→ **ACTIVITY**
Please print all the lines below exactly as they are written.

→ **SUPPLIED RECORDS**
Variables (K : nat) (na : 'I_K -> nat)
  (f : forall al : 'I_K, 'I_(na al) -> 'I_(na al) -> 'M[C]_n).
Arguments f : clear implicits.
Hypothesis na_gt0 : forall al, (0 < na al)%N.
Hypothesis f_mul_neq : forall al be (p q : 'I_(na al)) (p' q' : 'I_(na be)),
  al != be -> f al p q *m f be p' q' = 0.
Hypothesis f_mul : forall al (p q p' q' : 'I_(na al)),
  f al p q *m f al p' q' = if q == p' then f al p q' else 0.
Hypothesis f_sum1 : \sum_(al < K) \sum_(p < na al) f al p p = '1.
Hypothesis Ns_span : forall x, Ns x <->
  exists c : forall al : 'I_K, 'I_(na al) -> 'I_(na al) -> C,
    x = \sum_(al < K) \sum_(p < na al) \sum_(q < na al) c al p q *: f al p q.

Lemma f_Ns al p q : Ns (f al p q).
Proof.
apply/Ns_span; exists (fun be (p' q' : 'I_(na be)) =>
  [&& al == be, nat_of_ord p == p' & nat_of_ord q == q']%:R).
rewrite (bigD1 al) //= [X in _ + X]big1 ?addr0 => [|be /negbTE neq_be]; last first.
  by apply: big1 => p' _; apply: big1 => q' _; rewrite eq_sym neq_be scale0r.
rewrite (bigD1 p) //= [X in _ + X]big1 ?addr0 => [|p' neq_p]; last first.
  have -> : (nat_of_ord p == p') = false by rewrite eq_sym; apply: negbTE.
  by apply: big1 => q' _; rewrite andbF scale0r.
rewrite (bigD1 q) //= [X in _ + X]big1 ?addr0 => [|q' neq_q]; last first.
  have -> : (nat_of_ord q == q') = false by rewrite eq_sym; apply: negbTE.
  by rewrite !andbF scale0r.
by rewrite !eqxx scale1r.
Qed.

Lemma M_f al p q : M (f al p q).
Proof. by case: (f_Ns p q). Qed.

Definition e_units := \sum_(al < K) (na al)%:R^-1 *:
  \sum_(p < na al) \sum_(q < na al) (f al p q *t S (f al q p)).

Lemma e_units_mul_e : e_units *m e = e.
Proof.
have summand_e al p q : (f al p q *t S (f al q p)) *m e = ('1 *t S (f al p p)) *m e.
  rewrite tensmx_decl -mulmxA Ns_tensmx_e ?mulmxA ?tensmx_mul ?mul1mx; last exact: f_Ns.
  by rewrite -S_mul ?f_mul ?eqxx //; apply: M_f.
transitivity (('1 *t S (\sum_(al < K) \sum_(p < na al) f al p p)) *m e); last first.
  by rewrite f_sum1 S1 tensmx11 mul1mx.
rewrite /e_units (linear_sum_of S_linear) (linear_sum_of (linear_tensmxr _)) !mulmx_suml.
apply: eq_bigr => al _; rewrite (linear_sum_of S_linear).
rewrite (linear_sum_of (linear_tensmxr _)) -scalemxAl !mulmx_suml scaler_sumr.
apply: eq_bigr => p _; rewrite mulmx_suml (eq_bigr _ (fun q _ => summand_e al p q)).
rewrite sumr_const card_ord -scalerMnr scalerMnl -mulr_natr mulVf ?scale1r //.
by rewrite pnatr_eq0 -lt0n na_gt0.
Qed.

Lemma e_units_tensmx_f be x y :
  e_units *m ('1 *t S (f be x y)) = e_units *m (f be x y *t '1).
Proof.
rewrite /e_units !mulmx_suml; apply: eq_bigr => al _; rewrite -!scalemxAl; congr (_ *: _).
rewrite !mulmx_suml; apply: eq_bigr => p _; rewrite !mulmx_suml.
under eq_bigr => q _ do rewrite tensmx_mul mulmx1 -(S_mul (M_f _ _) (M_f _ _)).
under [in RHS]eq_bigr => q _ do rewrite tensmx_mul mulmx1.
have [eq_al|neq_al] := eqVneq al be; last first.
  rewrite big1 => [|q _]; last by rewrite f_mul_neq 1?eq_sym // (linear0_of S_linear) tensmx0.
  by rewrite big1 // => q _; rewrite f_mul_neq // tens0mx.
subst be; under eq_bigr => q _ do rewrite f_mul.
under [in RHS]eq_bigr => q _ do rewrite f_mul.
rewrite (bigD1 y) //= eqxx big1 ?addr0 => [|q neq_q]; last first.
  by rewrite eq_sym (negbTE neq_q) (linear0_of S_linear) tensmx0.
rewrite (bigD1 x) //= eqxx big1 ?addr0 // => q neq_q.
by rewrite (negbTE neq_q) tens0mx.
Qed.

→ **EXPECTED ANSWER**
Variables (K : nat) (na : 'I_K -> nat)
  (f : forall al : 'I_K, 'I_(na al) -> 'I_(na al) -> 'M[C]_n).
Arguments f : clear implicits.
Hypothesis na_gt0 : forall al, (0 < na al)%N.
Hypothesis f_mul_neq : forall al be (p q : 'I_(na al)) (p' q' : 'I_(na be)),
  al != be -> f al p q *m f be p' q' = 0.
Hypothesis f_mul : forall al (p q p' q' : 'I_(na al)),
  f al p q *m f al p' q' = if q == p' then f al p q' else 0.
Hypothesis f_sum1 : \sum_(al < K) \sum_(p < na al) f al p p = '1.
Hypothesis Ns_span : forall x, Ns x <->
  exists c : forall al : 'I_K, 'I_(na al) -> 'I_(na al) -> C,
    x = \sum_(al < K) \sum_(p < na al) \sum_(q < na al) c al p q *: f al p q.

Lemma f_Ns al p q : Ns (f al p q).
Proof.
apply/Ns_span; exists (fun be (p' q' : 'I_(na be)) =>
  [&& al == be, nat_of_ord p == p' & nat_of_ord q == q']%:R).
rewrite (bigD1 al) //= [X in _ + X]big1 ?addr0 => [|be /negbTE neq_be]; last first.
  by apply: big1 => p' _; apply: big1 => q' _; rewrite eq_sym neq_be scale0r.
rewrite (bigD1 p) //= [X in _ + X]big1 ?addr0 => [|p' neq_p]; last first.
  have -> : (nat_of_ord p == p') = false by rewrite eq_sym; apply: negbTE.
  by apply: big1 => q' _; rewrite andbF scale0r.
rewrite (bigD1 q) //= [X in _ + X]big1 ?addr0 => [|q' neq_q]; last first.
  have -> : (nat_of_ord q == q') = false by rewrite eq_sym; apply: negbTE.
  by rewrite !andbF scale0r.
by rewrite !eqxx scale1r.
Qed.

Lemma M_f al p q : M (f al p q).
Proof. by case: (f_Ns p q). Qed.

Definition e_units := \sum_(al < K) (na al)%:R^-1 *:
  \sum_(p < na al) \sum_(q < na al) (f al p q *t S (f al q p)).

Lemma e_units_mul_e : e_units *m e = e.
Proof.
have summand_e al p q : (f al p q *t S (f al q p)) *m e = ('1 *t S (f al p p)) *m e.
  rewrite tensmx_decl -mulmxA Ns_tensmx_e ?mulmxA ?tensmx_mul ?mul1mx; last exact: f_Ns.
  by rewrite -S_mul ?f_mul ?eqxx //; apply: M_f.
transitivity (('1 *t S (\sum_(al < K) \sum_(p < na al) f al p p)) *m e); last first.
  by rewrite f_sum1 S1 tensmx11 mul1mx.
rewrite /e_units (linear_sum_of S_linear) (linear_sum_of (linear_tensmxr _)) !mulmx_suml.
apply: eq_bigr => al _; rewrite (linear_sum_of S_linear).
rewrite (linear_sum_of (linear_tensmxr _)) -scalemxAl !mulmx_suml scaler_sumr.
apply: eq_bigr => p _; rewrite mulmx_suml (eq_bigr _ (fun q _ => summand_e al p q)).
rewrite sumr_const card_ord -scalerMnr scalerMnl -mulr_natr mulVf ?scale1r //.
by rewrite pnatr_eq0 -lt0n na_gt0.
Qed.

Lemma e_units_tensmx_f be x y :
  e_units *m ('1 *t S (f be x y)) = e_units *m (f be x y *t '1).
Proof.
rewrite /e_units !mulmx_suml; apply: eq_bigr => al _; rewrite -!scalemxAl; congr (_ *: _).
rewrite !mulmx_suml; apply: eq_bigr => p _; rewrite !mulmx_suml.
under eq_bigr => q _ do rewrite tensmx_mul mulmx1 -(S_mul (M_f _ _) (M_f _ _)).
under [in RHS]eq_bigr => q _ do rewrite tensmx_mul mulmx1.
have [eq_al|neq_al] := eqVneq al be; last first.
  rewrite big1 => [|q _]; last by rewrite f_mul_neq 1?eq_sym // (linear0_of S_linear) tensmx0.
  by rewrite big1 // => q _; rewrite f_mul_neq // tens0mx.
subst be; under eq_bigr => q _ do rewrite f_mul.
under [in RHS]eq_bigr => q _ do rewrite f_mul.
rewrite (bigD1 y) //= eqxx big1 ?addr0 => [|q neq_q]; last first.
  by rewrite eq_sym (negbTE neq_q) (linear0_of S_linear) tensmx0.
rewrite (bigD1 x) //= eqxx big1 ?addr0 // => q neq_q.
by rewrite (negbTE neq_q) tens0mx.
Qed.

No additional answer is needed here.